Analysts’ Concerns
Most gambling forms are banned in Thailand, but illegal operations are rife. Domestic gamblers were considered a significant attraction for foreign investors, and the strict entry barriers could influence their interest. The draft could morph Thai casinos into foreigner-only regimes.
Singaporean gaming consultant Daniel Cheng stated that the restrictive requirements could limit the local population, making the market less attractive to regional and international casino operators. He noted, “A further 50 million baht bank deposit requirement would render Thai casinos no better than foreigner-only regimes like South Korea’s.”
Local Skepticism
Most of the Thai public remains hesitant to embrace the proposed casino regulations. Most concerns revolve around the potential rise of gambling addiction and household debt. A recent study by the National Institute of Development Administration (NIDA) revealed that most locals oppose casino legalization, highlighting a conflicting stance with PM Shinawatra’s administration.
Meeting the Region’s Competitive Benchmark
Thailand seeks to compete with other leading gambling destinations in the region, such as Singapore, which has caught the eye of industry titans like Las Vegas Sands Corp.

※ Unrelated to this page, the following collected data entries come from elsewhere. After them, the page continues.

(* Let $\mathbb F$ be a field and let $P(s)\in\mathbb F[s]^{p\times q}$ be a matrix pencil of rank $1$. 1. If $P(s)$ has a nontrivial invariant factor, then there exist nonzero vectors $u\in\mathbb F^p$, $\bar v\in\mathbb F^q$ and nonzero pencils $\bar u(s)\in\mathbb F[s]^p$, $v(s)\in\mathbb F[s]^q$ such that $P(s)=uv(s)^T=\bar u(s)\bar v^T$. 2. If $P(s)$ has an infinite elementary divisor, then there exist nonzero vectors $u\in\mathbb F^p$, $v\in\mathbb F^q$ such that $P(s)=uv^T$. 3. If $P(s)$ has a positive column minimal index, then there exist a nonzero vector $u\in\mathbb F^p$ and a nonzero pencil $v(s)\in\mathbb F[s]^q$ such that $P(s)=uv(s)^T$. 4. If $P(s)$ has a positive row minimal index, then there exist a nonzero vector $v\in\mathbb F^q$ and a nonzero pencil $u(s)\in\mathbb F[s]^p$ such that $P(s)=u(s)v^T$.
   Context: A matrix pencil is a polynomial matrix of degree at most $1$, $G(s)=G_0+sG_1$; a vector pencil in $\mathbb F[s]^p$ is a column vector of degree at most $1$. The rank of a pencil is its normal rank. Its Kronecker invariants (complete invariants under strict equivalence $G\mapsto QGR$, $Q,R$ invertible constant matrices) are the invariant factors (monic polynomials in $\mathbb F[s]$; ''nontrivial'' means of positive degree), the infinite elementary divisors $t^{k}$ with $k>0$, and the column and row minimal indices. *)

From HB Require Import structures.
From mathcomp Require Import all_boot all_order all_algebra.
Set Implicit Arguments. Unset Strict Implicit. Unset Printing Implicit Defensive.
Import Order.TTheory GRing.Theory Num.Theory.
Local Open Scope ring_scope.

Section Pencils.
Variable F : fieldType.
Local Notation P_ := {poly F}.

Definition is_pencil (p q : nat) (P : 'M[P_]_(p, q)) : Prop :=
  forall i j, (size (P i j) <= 2)%N.

Definition nrank (p q : nat) (P : 'M[P_]_(p, q)) : nat :=
  \rank (map_mx (@tofrac P_) P).

Definition minor (p q k : nat) (P : 'M[P_]_(p, q))
  (f : {ffun 'I_k -> 'I_p}) (g : {ffun 'I_k -> 'I_q}) : P_ :=
  \det (\matrix_(i < k, j < k) P (f i) (g j)).

Definition monicize (d : P_) : P_ := if d == 0 then 0 else (lead_coef d)^-1 *: d.

(* k-th determinantal divisor: monic gcd of all k x k minors (D_0 = 1). *)
Definition detdiv (p q : nat) (P : 'M[P_]_(p, q)) (k : nat) : P_ :=
  monicize (\big[@gcdp F/0]_(f : {ffun 'I_k -> 'I_p})
              \big[@gcdp F/0]_(g : {ffun 'I_k -> 'I_q}) minor P f g).

(* k-th invariant factor (1 <= k <= nrank P): D_k / D_(k-1). *)
Definition inv_factor (p q : nat) (P : 'M[P_]_(p, q)) (k : nat) : P_ :=
  detdiv P k %/ detdiv P k.-1.

Definition has_nontrivial_inv_factor (p q : nat) (P : 'M[P_]_(p, q)) : Prop :=
  exists k, (0 < k <= nrank P)%N /\ (1 < size (inv_factor P k))%N.

Definition pencil_rev (p q : nat) (P : 'M[P_]_(p, q)) : 'M[P_]_(p, q) :=
  \matrix_(i, j) (((P i j)`_(1%N))%:P + (P i j)`_(0%N) *: 'X).

(* Infinite elementary divisors t^k (k > 0) of P are the elementary divisors
   at the eigenvalue 0 of the reversal of P. *)
Definition has_infinite_elem_div (p q : nat) (P : 'M[P_]_(p, q)) : Prop :=
  exists k, (0 < k <= nrank (pencil_rev P))%N /\ root (inv_factor (pencil_rev P) k) 0.

Definition col_deg (m n : nat) (B : 'M[P_]_(m, n)) (j : 'I_n) : nat :=
  \max_(i < m) (size (B i j)).-1.

Definition right_poly_basis (p q : nat) (P : 'M[P_]_(p, q))
  (B : 'M[P_]_(q, q - nrank P)) : Prop :=
  P *m B = 0 /\ \rank (map_mx (@tofrac P_) B) = (q - nrank P)%N.

Definition right_minimal_basis (p q : nat) (P : 'M[P_]_(p, q))
  (B : 'M[P_]_(q, q - nrank P)) : Prop :=
  right_poly_basis B /\
  forall B' : 'M[P_]_(q, q - nrank P), right_poly_basis B' ->
    (\sum_j col_deg B j <= \sum_j col_deg B' j)%N.

(* Column minimal indices = column degrees of a minimal basis of the right
   null space; row minimal indices = those of the left null space (of P^T). *)
Definition has_pos_col_min_index (p q : nat) (P : 'M[P_]_(p, q)) : Prop :=
  exists B, @right_minimal_basis p q P B /\ exists j, (0 < col_deg B j)%N.

Definition has_pos_row_min_index (p q : nat) (P : 'M[P_]_(p, q)) : Prop :=
  has_pos_col_min_index P^T.

End Pencils.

However, the new legislation would carve out a unique niche that could benefit or negatively impact the plans.
The proposed exclusivity could add to the venues’ appeal as global luxury destinations, but it risks excluding most of the local consumer market. In a country where per capita gross domestic product (GDP) is about US$7,300, according to government reports, the casino entry demands effectively prohibit swathes of the population from casino access.